Mind the gap: Distinguishing disc substructures and their impact on the inner disc composition

Abstract: Improved observational technologies have enabled the resolution of substructures and the measurement of chemical abundances in discs. Understanding the chemical composition of the inner disc allows us to infer the building blocks available for planet formation. Recently, the depletion of water in the inner disc has been suggested to be linked to the presence of substructures, such as gaps and rings, further out. We investigate this hypothesis further by running 1D semi-analytical models of a disc with a gap to understand the combined effects of disc viscosity, gap depth, gap location, and gap formation timescales on the inner disc composition. Our results show that for a specific value of disc viscosity, the simulation outcome can be classified into three regimes: shallow gap, "traffic jam", and deep gap. While deep gaps may already be distinguishable with moderate-resolution techniques, it is still challenging to resolve shallow gaps with the current capabilities.
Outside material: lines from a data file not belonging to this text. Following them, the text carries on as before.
(* Let $A=KQ/I$ be a finite-dimensional gentle algebra and let $C=c_1\cdots c_m$ be a string for $A$ with an intersecting auto-reaching given by substrings $C[i,j]$ and $C[i',j']$. Then the two substrings are oriented in the same direction in $C$: the word $c_i\cdots c_{j-1}$ equals the word $c_{i'}\cdots c_{j'-1}$, and $C[i,j]$ is not the inverse walk of $C[i',j']$.
   Context: Letters are arrows $\alpha\in Q_1$ (direct, traversed from $s(\alpha)$ to $t(\alpha)$) and formal inverses $\alpha^{-1}$ (inverse, traversed from $t(\alpha)$ to $s(\alpha)$). A string is a reduced walk (no letter followed by its own inverse) in $Q$ avoiding the relations of $I$ and their inverses; it is identified with its inverse walk. For $C=c_1\cdots c_m$ with vertex positions $v_1,\dots,v_{m+1}$ and $1\le i\le j\le m+1$, $C[i,j]=c_i\cdots c_{j-1}$ (the trivial string at $v_i$ if $i=j$). $C[i,j]$ is on top of $C$ if ($i=1$ or $c_{i-1}$ is inverse) and ($j=m+1$ or $c_j$ is direct); it is at the bottom of $C$ if ($i=1$ or $c_{i-1}$ is direct) and ($j=m+1$ or $c_j$ is inverse). An auto-reaching of $C$ is given by a substring $C[i,j]$ on top of $C$ and a substring $C[i',j']$ at the bottom of $C$ which are equal as strings (equal or mutually inverse walks) and satisfy the swinging arms condition: if $i'=1$ then $i\neq1$, and if $j'=m+1$ then $j\ne m+1$. It is intersecting if $i<i'\le j<j'$ or $i'<i\le j'<j$. *)

From HB Require Import structures.
From mathcomp Require Import all_boot.
Set Implicit Arguments.
Unset Strict Implicit.
Unset Printing Implicit Defensive.

(* A bound quiver (Q, I) with I generated by paths of length two.
   Q0 = V, Q1 = Ar, s, t source and target.  rel a b (for t a = s b) means
   that the length-two path "a then b" (traversed from s a to t b) is one of
   the generating relations of I. *)
Record bquiver := BQuiver {
  V : finType;
  Ar : finType;
  src : Ar -> V;
  tgt : Ar -> V;
  rel : Ar -> Ar -> bool;
  rel_comp : forall a b, rel a b -> tgt a = src b
}.

Section Strings.
Variable Q : bquiver.

Fixpoint path_ok (p : seq (Ar Q)) : bool :=
  match p with
  | a :: ((b :: _) as p') => [&& tgt a == src b, ~~ rel a b & path_ok p']
  | _ => true
  end.

Definition gentle : Prop :=
  (forall v : V Q, #|[pred a | src a == v]| <= 2) /\
  (forall v : V Q, #|[pred a | tgt a == v]| <= 2) /\
  (forall b : Ar Q, #|[pred a | (tgt a == src b) && rel a b]| <= 1) /\
  (forall b : Ar Q, #|[pred a | (tgt a == src b) && ~~ rel a b]| <= 1) /\
  (forall a : Ar Q, #|[pred b | (tgt a == src b) && rel a b]| <= 1) /\
  (forall a : Ar Q, #|[pred b | (tgt a == src b) && ~~ rel a b]| <= 1) /\
  (* finite dimensionality: paths not in I have bounded length *)
  (exists N, forall p : seq (Ar Q), path_ok p -> size p <= N).

Inductive letter := Dir of Ar Q | Inv of Ar Q.

Definition letter_eqb (x y : letter) : bool :=
  match x, y with
  | Dir a, Dir b => a == b
  | Inv a, Inv b => a == b
  | _, _ => false
  end.
Lemma letter_eqP : Equality.axiom letter_eqb.
Proof.
by case=> [a|a] [b|b] /=; (try by constructor); apply: (iffP eqP) => [->|[]].
Qed.
HB.instance Definition _ := hasDecEq.Build letter letter_eqP.

Definition lsrc (x : letter) := match x with Dir a => src a | Inv a => tgt a end.
Definition ltgt (x : letter) := match x with Dir a => tgt a | Inv a => src a end.
Definition linv (x : letter) := match x with Dir a => Inv a | Inv a => Dir a end.
Definition is_direct (x : letter) := if x is Dir _ then true else false.
Definition is_inverse (x : letter) := ~~ is_direct x.

Definition step_ok (x y : letter) : bool :=
  [&& ltgt x == lsrc y, y != linv x &
      match x, y with
      | Dir a, Dir b => ~~ rel a b
      | Inv a, Inv b => ~~ rel b a
      | _, _ => true
      end].

Fixpoint steps_ok (w : seq letter) : bool :=
  match w with
  | x :: ((y :: _) as w') => step_ok x y && steps_ok w'
  | _ => true
  end.

(* a string: a walk w starting at vertex v (w = [::] is the trivial string at v) *)
Definition is_string (v : V Q) (w : seq letter) : bool :=
  match w with
  | [::] => true
  | x :: _ => (lsrc x == v) && steps_ok w
  end.

Definition wend (v : V Q) (w : seq letter) : V Q := last v (map ltgt w).

Definition winv (w : seq letter) : seq letter := rev (map linv w).

(* 1-based notation: C = c_1 ... c_m; v_k = vpos k for 1 <= k <= m+1 *)
Definition vpos (v : V Q) (C : seq letter) (k : nat) : V Q := wend v (take k.-1 C).
(* C[i,j] = c_i ... c_(j-1) *)
Definition sub (C : seq letter) (i j : nat) : seq letter := drop i.-1 (take j.-1 C).
Definition let_at (C : seq letter) (k : nat) (d : letter) := nth d C k.-1.

(* strings (v,w) and (v',w') are equal as strings: equal or mutually inverse walks *)
Definition str_eq (v : V Q) (w : seq letter) (v' : V Q) (w' : seq letter) : Prop :=
  (v = v' /\ w = w') \/ (v = wend v' w' /\ w = winv w').

Definition inv_at (C : seq letter) (k : nat) : bool :=
  if onth C k.-1 is Some x then (0 < k) && is_inverse x else false.
Definition dir_at (C : seq letter) (k : nat) : bool :=
  if onth C k.-1 is Some x then (0 < k) && is_direct x else false.

Definition on_top (C : seq letter) (i j : nat) : Prop :=
  (i = 1 \/ inv_at C i.-1) /\ (j = (size C).+1 \/ dir_at C j).
Definition at_bottom (C : seq letter) (i j : nat) : Prop :=
  (i = 1 \/ dir_at C i.-1) /\ (j = (size C).+1 \/ inv_at C j).

Definition auto_reaching (v : V Q) (C : seq letter) (i j i' j' : nat) : Prop :=
  (1 <= i <= j) /\ (j <= (size C).+1) /\ (1 <= i' <= j') /\ (j' <= (size C).+1) /\
  on_top C i j /\ at_bottom C i' j' /\
  str_eq (vpos v C i) (sub C i j) (vpos v C i') (sub C i' j') /\
  (i' = 1 -> i <> 1) /\ (j' = (size C).+1 -> j <> (size C).+1).

Definition intersecting (i j i' j' : nat) : Prop :=
  (i < i' <= j /\ j < j') \/ (i' < i <= j' /\ j' < j).

End Strings.

(* If an occurrence of a factor
   overlaps or abuts an occurrence of its inverse, the union of the two
   occurrences is a nonempty factor of C equal to its own inverse walk.  Its
   middle is then either a letter equal to its own inverse or two consecutive
   letters x, x^-1, and neither can occur in a reduced walk. *)
From mathcomp Require Import all_boot.
From mathcomp Require Import zify.

Section ReducedWalks.
Context {Q : bquiver}.
Implicit Types (x y : letter Q) (w p m r C : seq (letter Q)).

Lemma linvK : involutive (@linv Q).
Proof. by case. Qed.

Lemma linv_neq x : linv x != x.
Proof. by case: x. Qed.

Lemma winvK : involutive (@winv Q).
Proof. by move=> w; rewrite /winv map_rev revK (mapK linvK). Qed.

Lemma size_winv w : size (winv w) = size w.
Proof. by rewrite size_rev size_map. Qed.

Lemma winv_cat p r : winv (p ++ r) = winv r ++ winv p.
Proof. by rewrite /winv map_cat rev_cat. Qed.

Lemma winv_cons_rcons x w y :
  winv (x :: rcons w y) = linv y :: rcons (winv w) (linv x).
Proof. by rewrite /winv /= map_rcons rev_cons rev_rcons. Qed.

Lemma steps_okE w : steps_ok w = sorted (@step_ok Q) w.
Proof. by elim: w => [|x [|y w] /= IH] //; rewrite IH. Qed.

Lemma steps_ok_self_inverse w : steps_ok w -> winv w = w -> w = [::].
Proof.
have [n] := ubnP (size w); elim: n w => // n IH [|x w] //.
case/lastP: w => [|u y] size_lt reduced_w.
  by rewrite /winv /= => -[/eqP]; rewrite (negbTE (linv_neq x)).
rewrite winv_cons_rcons => -[_ /eqP]; rewrite eqseq_rcons => /andP[/eqP u_sym /eqP xy].
have reduced_u : steps_ok u.
  move: reduced_w; rewrite !steps_okE => /(drop_sorted 1)/(take_sorted (size u)).
  by rewrite /= drop0 -cats1 take_size_cat.
have u0 : u = [::].
  by apply: IH reduced_u u_sym; move: size_lt; rewrite /= size_rcons; lia.
by move: reduced_w; rewrite u0 -xy /= /step_ok eqxx andbF.
Qed.

Lemma overlap_self_inverse p m r :
  size p = size r -> p ++ m = winv (m ++ r) -> winv (p ++ m ++ r) = p ++ m ++ r.
Proof.
move=> size_pr /eqP; rewrite winv_cat eqseq_cat ?size_winv //.
by case/andP=> /eqP-> /eqP m_sym; rewrite !winv_cat winvK -m_sym catA.
Qed.

Lemma subE C a b : 0 < a <= b -> sub C a b = take (b - a) (drop a.-1 C).
Proof. by move=> ab; rewrite take_drop /sub; congr (drop _ (take _ _)); lia. Qed.

Lemma size_sub C a b : 0 < a <= b -> b <= (size C).+1 -> size (sub C a b) = b - a.
Proof. by move=> ab bC; rewrite subE // size_takel // size_drop; lia. Qed.

Lemma sub_cat C a k b : 0 < a <= k -> k <= b -> sub C a b = sub C a k ++ sub C k b.
Proof.
move=> ak kb; rewrite !subE //; try lia.
have -> : drop k.-1 C = drop (k - a) (drop a.-1 C) by rewrite drop_drop; congr drop; lia.
by rewrite -takeD; congr take; lia.
Qed.

Lemma steps_ok_sub C a b : steps_ok C -> 0 < a <= b -> steps_ok (sub C a b).
Proof. by move=> + ab; rewrite subE // !steps_okE => /(drop_sorted a.-1)/take_sorted. Qed.

Lemma winv_sub_neq C a b :
  steps_ok C -> 0 < a < b -> b <= (size C).+1 -> winv (sub C a b) <> sub C a b.
Proof.
move=> reduced_C ab bC self_inverse.
have reduced_sub : steps_ok (sub C a b) by apply: steps_ok_sub => //; lia.
have := congr1 size (steps_ok_self_inverse _ reduced_sub self_inverse).
by rewrite size_sub //=; lia.
Qed.

Lemma sub_neq_winv_overlap C a b a' b' :
  steps_ok C -> 0 < a -> a < a' <= b -> b < b' -> b' <= (size C).+1 ->
  sub C a b <> winv (sub C a' b').
Proof.
move=> reduced_C a0 a'b bb' b'C E.
have size_eq : b - a = b' - a'.
  by have := congr1 size E; rewrite size_winv !size_sub //; lia.
have split : sub C a b' = sub C a a' ++ sub C a' b ++ sub C b b'.
  by rewrite (sub_cat C a a' b') ?(sub_cat C a' b b') //; lia.
apply: (winv_sub_neq C a b') => //; first lia.
rewrite split; apply: overlap_self_inverse; first by rewrite !size_sub //; lia.
by rewrite -!sub_cat //; lia.
Qed.

End ReducedWalks.

Theorem mainTheorem7 (Q : bquiver) (v : V Q) (C : seq (letter Q))
    (i j i' j' : nat) :
  gentle Q ->
  is_string v C ->
  auto_reaching v C i j i' j' ->
  intersecting i j i' j' ->
  sub C i j = sub C i' j' /\ sub C i j <> winv (sub C i' j').
Proof.
move=> _ string_C [ij [jC [ij' [j'C [_ [_ [equal_strings _]]]]]]] cross.
have reduced_C : steps_ok C by case: (C) string_C => //= x C' /andP[].
case: equal_strings => [[_ same] | [_ inverse]].
  split=> // self_inverse.
  apply: (winv_sub_neq C i j) => //; first by case: cross; lia.
  by rewrite {2}self_inverse -same.
exfalso; case: cross => [[]|[]] /andP[lt_i le_j] lt_j.
  by move: inverse; apply: sub_neq_winv_overlap => //; lia.
have inverse' : sub C i' j' = winv (sub C i j) by rewrite inverse winvK.
by move: inverse'; apply: sub_neq_winv_overlap => //; lia.
Qed.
On the other hand, discs with traffic jams have a higher chance of being resolved when observed with a high resolution, but they may appear as an intensity enhancement or even featureless when observed with moderate to low angular resolution. In this regard, information on the inner disc composition is useful because it can help to infer the existence of traffic jams or distinguish them from deep gaps: discs with deep gaps are expected to have a low water content and thus high C/O ratio in the inner disc due to the effective blocking of pebbles, while discs with shallow gaps would demonstrate the opposite trend. Furthermore, discs with a traffic jam would have a constant inward flux of water-rich pebbles resulting in a moderate water content and sub-stellar C/O ratios. Finally, we find that the effectiveness of gaps as pebble barriers diminishes quickly when they form late, as most of the pebbles have already drifted inwards.